[Data records]
Lemma gridB_progression : gridB p B = progression h (- B) (2 * K).
Proof.
  pose proof (inv_pow2_gt0 p) as Hh.
  unfold gridB. rewrite gridA_progression, Nat.add_1_r, progression_S_r, filter_app.
  replace (- B + INR (2 * K) * h) with B by (rewrite mult_INR; simpl INR; ring).
  cbn [filter]. destruct (Req_EM_T B B) as [_|]; [|lra].
  rewrite app_nil_r. apply forallb_filter_id, forallb_forall.
  intros y Hy. apply (In_progression_bounds h) in Hy; [|lra].
  rewrite mult_INR in Hy. replace (INR 2) with 2 in Hy by (simpl; ring).
  destruct (Req_EM_T y B); auto; lra.
Qed.

End Grid.

Definition grid_split (h x L : R) (nA l nD : nat) : list R :=
  progression h (x - L - INR nA * h) nA ++ progression h (x - L) l
  ++ progression h x l ++ progression h (x + L) nD.

Lemma gridB_split p L E x KL KE k :
  L = INR KL * / 2 ^ p -> E = INR KE * / 2 ^ p -> x = - E + INR k * / 2 ^ p -> (k <= 2 * KE)%nat ->
  gridB p (L + E) = grid_split (/ 2 ^ p) x L k KL (2 * KE - k).
Proof.
  intros HL HE Hx Hk.
  replace (L + E) with (INR (KL + KE) * / 2 ^ p) by (rewrite plus_INR; lra).
  rewrite gridB_progression.
  replace (2 * (KL + KE))%nat with (k + (KL + (KL + (2 * KE - k))))%nat by lia.
  unfold grid_split. rewrite !progression_add, !plus_INR.
  f_equal; [f_equal; lra | f_equal; [f_equal; lra | f_equal; f_equal; lra]].
Qed.

Section Blocks.

Variables (p : nat) (L sigma x : R) (l nA nD : nat).
Hypothesis sigma_gt0 : 0 < sigma.
Hypothesis L_eq : L = INR l * / 2 ^ p.

Local Notation h := (/ 2 ^ p).
Local Notation cell := (clap_cell p L sigma x).

Let L_ge0 : 0 <= L.
Proof. rewrite L_eq. apply Rmult_le_pos; [apply pos_INR | pose proof (inv_pow2_gt0 p); lra]. Qed.

Let cells_left y : In y (progression h (x - L - INR nA * h) nA) -> cell y = exp (- L / sigma) * h.
Proof.
  intros Hy. apply (In_progression_bounds h) in Hy; [|pose proof (inv_pow2_gt0 p); lra].
  apply clap_cell_outer; auto. lra.
Qed.

Let cells_right y : In y (progression h (x + L) nD) -> cell y = exp (- L / sigma) * h.
Proof.
  intros Hy. apply (In_progression_bounds h) in Hy; [|pose proof (inv_pow2_gt0 p); lra].
  apply clap_cell_outer; auto. lra.
Qed.

Lemma sumR_clap_cells_split :
  sumR (map cell (grid_split h x L nA l nD))
  = exp (- L / sigma) * h * (INR nA + INR nD) + 2 * sigma * (1 - exp (- L / sigma)).
Proof.
  unfold grid_split. rewrite !map_app, !sumR_app.
  rewrite (map_ext_in _ _ _ cells_left), (map_ext_in _ _ _ cells_right).
  rewrite !sumR_const, !length_progression.
  pose proof (clap_window_mass p L sigma x sigma_gt0 l) as Hmass.
  rewrite <- L_eq in Hmass. rewrite <- Hmass by lra. ring.
Qed.

Lemma sumR_clap_moments_split :
  sumR (map (fun y => y * cell y) (grid_split h x L nA l nD))
  = exp (- L / sigma) * h * (sumR (progression h (x - L - INR nA * h) nA) + sumR (progression h (x + L) nD))
    + (2 * x - h) * sigma * (1 - exp (- L / sigma)).
Proof.
  unfold grid_split. rewrite !map_app, !sumR_app.
  rewrite (map_ext_in _ (fun y => y * (exp (- L / sigma) * h)) (progression h (x - L - _) nA))
    by (intros y Hy; rewrite cells_left; auto).
  rewrite (map_ext_in _ (fun y => y * (exp (- L / sigma) * h)) (progression h (x + L) nD))
    by (intros y Hy; rewrite cells_right; auto).
  rewrite !sumR_map_mult_r, !map_id.
  pose proof (clap_window_moment p L sigma x sigma_gt0 l) as Hmoment.
  rewrite <- L_eq in Hmoment. rewrite <- Hmoment by lra. ring.
Qed.

End Blocks.

Lemma nonneg_dyadic_INR p B (a : Z) : 0 <= B -> B = IZR a / 2 ^ p -> exists K, B = INR K * / 2 ^ p.
Proof.
  intros HB ->. assert (Hp : 0 < 2 ^ p) by (apply pow_lt; lra).
  exists (Z.to_nat a). rewrite INR_IZR_INZ, Z2Nat.id; [reflexivity|].
  apply le_IZR. replace (IZR a) with (IZR a / 2 ^ p * 2 ^ p) by (field; lra). nra.
Qed.

Lemma clap_mean_ratio p L E sigma x :
  clap_mean p L E sigma x
  = sumR (map (fun y => y * clap_cell p L sigma x y) (gridB p (L + E))) / clap_lambda p L E sigma x.
Proof.
  unfold clap_mean, clap_pmf, Rdiv. rewrite <- sumR_map_mult_r.
  f_equal. apply map_ext. intros y. ring.
Qed.

Theorem mainTheorem11 (p : nat) (L E sigma x : R) :
  (0 < p)%nat -> 0 < L -> 0 < E -> 0 < sigma ->
  (exists a : Z, L = IZR a / 2 ^ p) ->
  (exists a : Z, E = IZR a / 2 ^ p) ->
  In x (gridA p E) ->
  clap_mean p L E sigma x =
    x * ((sigma * (1 - exp (- L / sigma)) - exp (- L / sigma) * L)
         / (sigma * (1 - exp (- L / sigma)) + exp (- L / sigma) * E))
    - / 2 ^ p / 2.
Proof.
  intros _ HL HE Hs [aL HaL] [aE HaE] Hx.
  destruct (nonneg_dyadic_INR p L aL) as [KL HKL]; [lra | auto |].
  destruct (nonneg_dyadic_INR p E aE) as [KE HKE]; [lra | auto |].
  rewrite HKE, gridA_progression, <- HKE in Hx.
  destruct (In_progression _ _ _ _ Hx) as [k [Hk Hxk]].
  rewrite clap_mean_ratio. unfold clap_lambda.
  rewrite (gridB_split p L E x KL KE k) by (auto; lia).
  rewrite (sumR_clap_cells_split p L sigma x KL), (sumR_clap_moments_split p L sigma x KL),
    !sumR_progression by auto.
  assert (Hp : 0 < 2 ^ p) by (apply pow_lt; lra).
  assert (Hleft : INR k = (x + E) * 2 ^ p) by (rewrite Hxk; field; lra).
  assert (Hright : INR (2 * KE - k) = (E - x) * 2 ^ p).
  { rewrite minus_INR, mult_INR, Hleft, HKE by lia. simpl INR. field. lra. }
  assert (Hc0 : 0 < exp (- L / sigma)) by apply exp_pos.
  assert (Hc1 : exp (- L / sigma) < 1).
  { rewrite <- exp_0. apply exp_increasing.
    assert (0 < L / sigma) by (apply Rdiv_lt_0_compat; lra). unfold Rdiv in *. lra. }
  assert (Hden : 0 < sigma * (1 - exp (- L / sigma)) + exp (- L / sigma) * E) by nra.
  rewrite Hleft, Hright. field. split; [lra | split; [lra | nra]].
Qed.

REQUIRED ACTION
The expected output is every line of the records in which the string "destruct" appears.

EXERCISE RESPONSE
  cbn [filter]. destruct (Req_EM_T B B) as [_|]; [|lra].
  destruct (Req_EM_T y B); auto; lra.
  destruct (nonneg_dyadic_INR p L aL) as [KL HKL]; [lra | auto |].
  destruct (nonneg_dyadic_INR p E aE) as [KE HKE]; [lra | auto |].
  destruct (In_progression _ _ _ _ Hx) as [k [Hk Hxk]].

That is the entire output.